Denton County sheriff's dispatchers received nine calls from residents between 11:45 and 11:51 p.m. asking whether the shaking was an earthquake, a sonic boom, an explosion or something else altogether.

University of Texas professor Cliff Frohlich, an expert on Texas earthquakes, said that he, too, received calls from Denton-area residents curious whether what they felt was an earthquake.

There were no reports from the National Earthquake Information Center, but that seismic data is limited to quakes that register magnitude 3 or more on the Richter scale, Frohlich said.

"And that would be felt across the state," Frohlich said.

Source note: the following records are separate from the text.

(* Let $T$ be a countable complete first-order theory with monster model $\mathfrak C$, and let $\pi(\bar x)$ be a partial type over $\emptyset$. Then the following are equivalent: (a) $\pi(\bar x)$ is amenable; (b) for every countable $\aleph_0$-homogeneous model $M\preceq\mathfrak C$ there is an $\mathrm{Aut}(M)$-invariant Keisler measure $\mu_{\bar x}$ over $M$ extending $\pi(\bar x)$; (c) the same as (b) but only for all sufficiently large such $M$ (i.e. for all countable $\aleph_0$-homogeneous $M\preceq\mathfrak C$ containing some fixed countable set $A\subseteq\mathfrak C$). If $T$ is uncountable, the same equivalences hold with ''countable, $\aleph_0$-homogeneous models'' replaced by ''strongly $\aleph_0$-homogeneous models of cardinality at most $|T|$''.
   Context: $\mathfrak C$ is $\kappa$-saturated and strongly $\kappa$-homogeneous for a large $\kappa$. For a model $N$, a Keisler measure over $N$ in variables $\bar x$ is a finitely additive probability measure on the $N$-definable sets in variables $\bar x$; it extends $\pi(\bar x)$ if it gives measure $0$ to every formula inconsistent with $\pi$; it is $\mathrm{Aut}(N)$-invariant if $\mu(\varphi(\bar x,\sigma(\bar b)))=\mu(\varphi(\bar x,\bar b))$ for all $\sigma\in\mathrm{Aut}(N)$. $\pi$ is amenable if there is an $\mathrm{Aut}(\mathfrak C)$-invariant regular Borel probability measure on $S_\pi(\mathfrak C)=\{q\in S_{\bar x}(\mathfrak C):\pi\subseteq q\}$ (equivalently, an $\mathrm{Aut}(\mathfrak C)$-invariant Keisler measure over $\mathfrak C$ extending $\pi$). *)

From Stdlib Require Import Reals List.
From mathcomp Require Import all_boot.
Unset Printing Implicit Defensive.

Record signature := Signature {
  fsym : Type; fn_ar : fsym -> nat;
  rsym : Type; rl_ar : rsym -> nat }.
Arguments fn_ar {s} _.
Arguments rl_ar {s} _.

Inductive term (L : signature) : Type :=
| tvar : nat -> term L
| tapp : forall f : fsym L, ('I_(fn_ar f) -> term L) -> term L.

Inductive form (L : signature) : Type :=
| Feq : term L -> term L -> form L
| Frel : forall r : rsym L, ('I_(rl_ar r) -> term L) -> form L
| Ffalse : form L
| Fneg : form L -> form L
| Fand : form L -> form L -> form L
| Fex : nat -> form L -> form L.
Arguments tvar {L} _.
Arguments tapp {L} f _.
Arguments Feq {L} _ _.
Arguments Frel {L} r _.
Arguments Ffalse {L}.
Arguments Fneg {L} _.
Arguments Fand {L} _ _.
Arguments Fex {L} _ _.

Fixpoint tfree {L : signature} (v : nat) (t : term L) : Prop :=
  match t with
  | tvar w => v = w
  | tapp f ts => exists i, tfree v (ts i)
  end.

Fixpoint ffree {L : signature} (v : nat) (phi : form L) : Prop :=
  match phi with
  | Feq t u => tfree v t \/ tfree v u
  | Frel r ts => exists i, tfree v (ts i)
  | Ffalse => False
  | Fneg p => ffree v p
  | Fand p q => ffree v p \/ ffree v q
  | Fex w p => v <> w /\ ffree v p
  end.

Definition sentence {L : signature} (phi : form L) : Prop := forall v, ~ ffree v phi.

Record structure (L : signature) := Structure {
  carrier :> Type;
  some_elt : carrier;
  fint : forall f : fsym L, ('I_(fn_ar f) -> carrier) -> carrier;
  rint : forall r : rsym L, ('I_(rl_ar r) -> carrier) -> Prop }.
Arguments fint {L s} f _.
Arguments rint {L s} r _.

Fixpoint teval {L : signature} {M : structure L} (e : nat -> M) (t : term L) : M :=
  match t with
  | tvar v => e v
  | tapp f ts => fint f (fun i => teval e (ts i))
  end.

Definition upd {X : Type} (e : nat -> X) (v : nat) (d : X) : nat -> X :=
  fun w => if w == v then d else e w.

(* satisfaction in the substructure of M with domain D (quantifiers range over D);
   with D = everything this is ordinary satisfaction in M *)
Fixpoint sat_in {L : signature} {M : structure L} (D : M -> Prop)
    (e : nat -> M) (phi : form L) : Prop :=
  match phi with
  | Feq t u => teval e t = teval e u
  | Frel r ts => rint r (fun i => teval e (ts i))
  | Ffalse => False
  | Fneg p => ~ sat_in D e p
  | Fand p q => sat_in D e p /\ sat_in D e q
  | Fex w p => exists d, D d /\ sat_in D (upd e w d) p
  end.

Definition sat {L : signature} (M : structure L) (e : nat -> M) (phi : form L) : Prop :=
  sat_in (fun _ : M => True) e phi.
Arguments sat {L} M e phi.

Definition theory (L : signature) := form L -> Prop.

Definition models {L : signature} (M : structure L) (T : theory L) : Prop :=
  forall phi, T phi -> forall e, sat M e phi.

A seismograph in Hockley, north of Houston, showed no activity either, but a small tremor, measuring 2 or less on the Richter scale, would be felt only locally. Such a quake could be measured only if there were instruments in the area, he said.

The most recent measurable earthquake in North Texas shook Commerce on May 13, 1997, with a 2.9 magnitude temblor. The nearest quake shook Valley View on Sept. 18, 1985, measuring 3.3 on the Richter scale. The biggest quake in North Texas was centered just north of Paris and measured 4.2 back in 1934, Frohlich said.

The biggest quakes on record in the nation's midsection occurred in Missouri in 1811 and 1812. Based on damage reports, experts estimate those quakes measured about 8 on the Richter scale.

The kinds of reports people have made about Monday night's shake are consistent with a temblor of 2 or less, Frohlich said.

"People report a loud noise or a jolt. They hear them more than they feel them," Frohlich said.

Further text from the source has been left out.